Search code examples
pythonjsonamazon-web-servicesamazon-s3boto3

Find all JSON files within S3 Bucket


is it possible to find all .json files within S3 bucket where the bucket itself can have multiple sub-directories ?

Actually my bucket includes multiple sub-directories where i would like to collect all JSON files inside it in order to iterate over them and parse specific key/values.


Solution

  • Here's the solution (uses the boto module):

    import boto3
    
    s3 = boto3.client('s3')  # Create the connection to your bucket
    objs = s3.list_objects_v2(Bucket='my-bucket')['Contents']
    
    files = filter(lambda obj: obj['Key'].endswith('.json'), objs)  # json only 
    return files
    

    The syntax for the list_objects_v2 function in boto3 can be found here: https://boto3.amazonaws.com/v1/documentation/api/latest/reference/services/s3.html#S3.Client.list_objects_v2

    Note that only the first 1000 keys are returned. To retrieve more than 1000 keys to fully exhaust the list, you can use the Paginator class.
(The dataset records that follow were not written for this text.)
Section AltSign.
Variable R : numDomainType.
Implicit Type z : int.

Lemma altsign0 : altsign R 0 = 1.
Proof. by rewrite /altsign expr0. Qed.

Lemma altsignS z : altsign R (z + 1) = - altsign R z.
Proof.
rewrite /altsign; case: z => [n|[|n]].
- have -> : Posz n + 1 = Posz n.+1 by lia.
  by rewrite exprS mulN1r.
- have -> : Negz 0 + 1 = 0 by lia.
  by rewrite expr0 expr1 opprK.
- have -> : Negz n.+1 + 1 = Negz n by lia.
  by rewrite [absz (Negz n.+1)]/= exprS mulN1r opprK.
Qed.

Lemma altsign_sqr z : altsign R z * altsign R z = 1.
Proof. by rewrite /altsign -exprD addnn -signr_odd odd_double. Qed.

Lemma normr_altsignM z (c : R) : `|altsign R z * c| = `|c|.
Proof. by rewrite normrM normr_sign mul1r. Qed.

End AltSign.

Lemma deriv_prim (R : realFieldType) (q : {poly R}) : (prim q)^`() = q.
Proof.
apply/polyP => j; rewrite coef_deriv coef_poly ltnS.
case: ltnP => hj /=; first by rewrite -(mulr_natr (q`_j / _)) divfK // pnatr_eq0.
by rewrite nth_default ?mul0rn.
Qed.

Section Mesh.
Variables (R : realFieldType) (xh : int -> R).
Hypothesis xh_incr : forall i : int, xh i < xh (i + 1).

Lemma mesh_lt (a b : int) : a < b -> xh a < xh b.
Proof.
move=> ab; have -> : b = a + (absz (b - a - 1)%R).+1 by lia.
elim: (absz _) => [|n IH]; first exact: xh_incr.
apply: lt_trans IH _; have -> : a + n.+2 = a + n.+1 + 1 by lia.
exact: xh_incr.
Qed.

Lemma mesh_gap_gt0 (a b : int) : a < b -> 0 < xh b - xh a.
Proof. by rewrite subr_gt0; exact: mesh_lt. Qed.

Fixpoint divdiff (f : int -> R) (n : nat) (a : int) : R :=
  if n is n'.+1 then (divdiff f n' (a + 1) - divdiff f n' a) / (xh (a + n) - xh a)
  else f a.

Fixpoint neville (f : int -> R) (n : nat) (a : int) : {poly R} :=
  if n is n'.+1 then
    (xh (a + n) - xh a)^-1 *:
      (('X - (xh a)%:P) * neville f n' (a + 1) - ('X - (xh (a + n))%:P) * neville f n' a)
  else (f a)%:P.

Fixpoint nodal (a : int) (n : nat) : {poly R} :=
  if n is n'.+1 then nodal a n' * ('X - (xh (a + n'))%:P) else 1.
    s3 = boto3.client('s3')  # Create the connection to your bucket
    paginator = s3.get_paginator('list_objects_v2')
    pages = paginator.paginate(Bucket='my-bucket')
    
    files = []
    for page in pages:
        for obj in page['Contents']:
            page_files = filter(lambda obj: obj['Key'].endswith('.json'), objs)  # json only
            files.extend(page_files)
    return files
    

    Note: I recommend using a function that uses yield to slowly iterate over the files instead of returning the whole list, especially if the number of json files in your bucket is extremely large.

    Alternatively, you can also use the ContinuationToken parameter (check the boto3 reference linked above).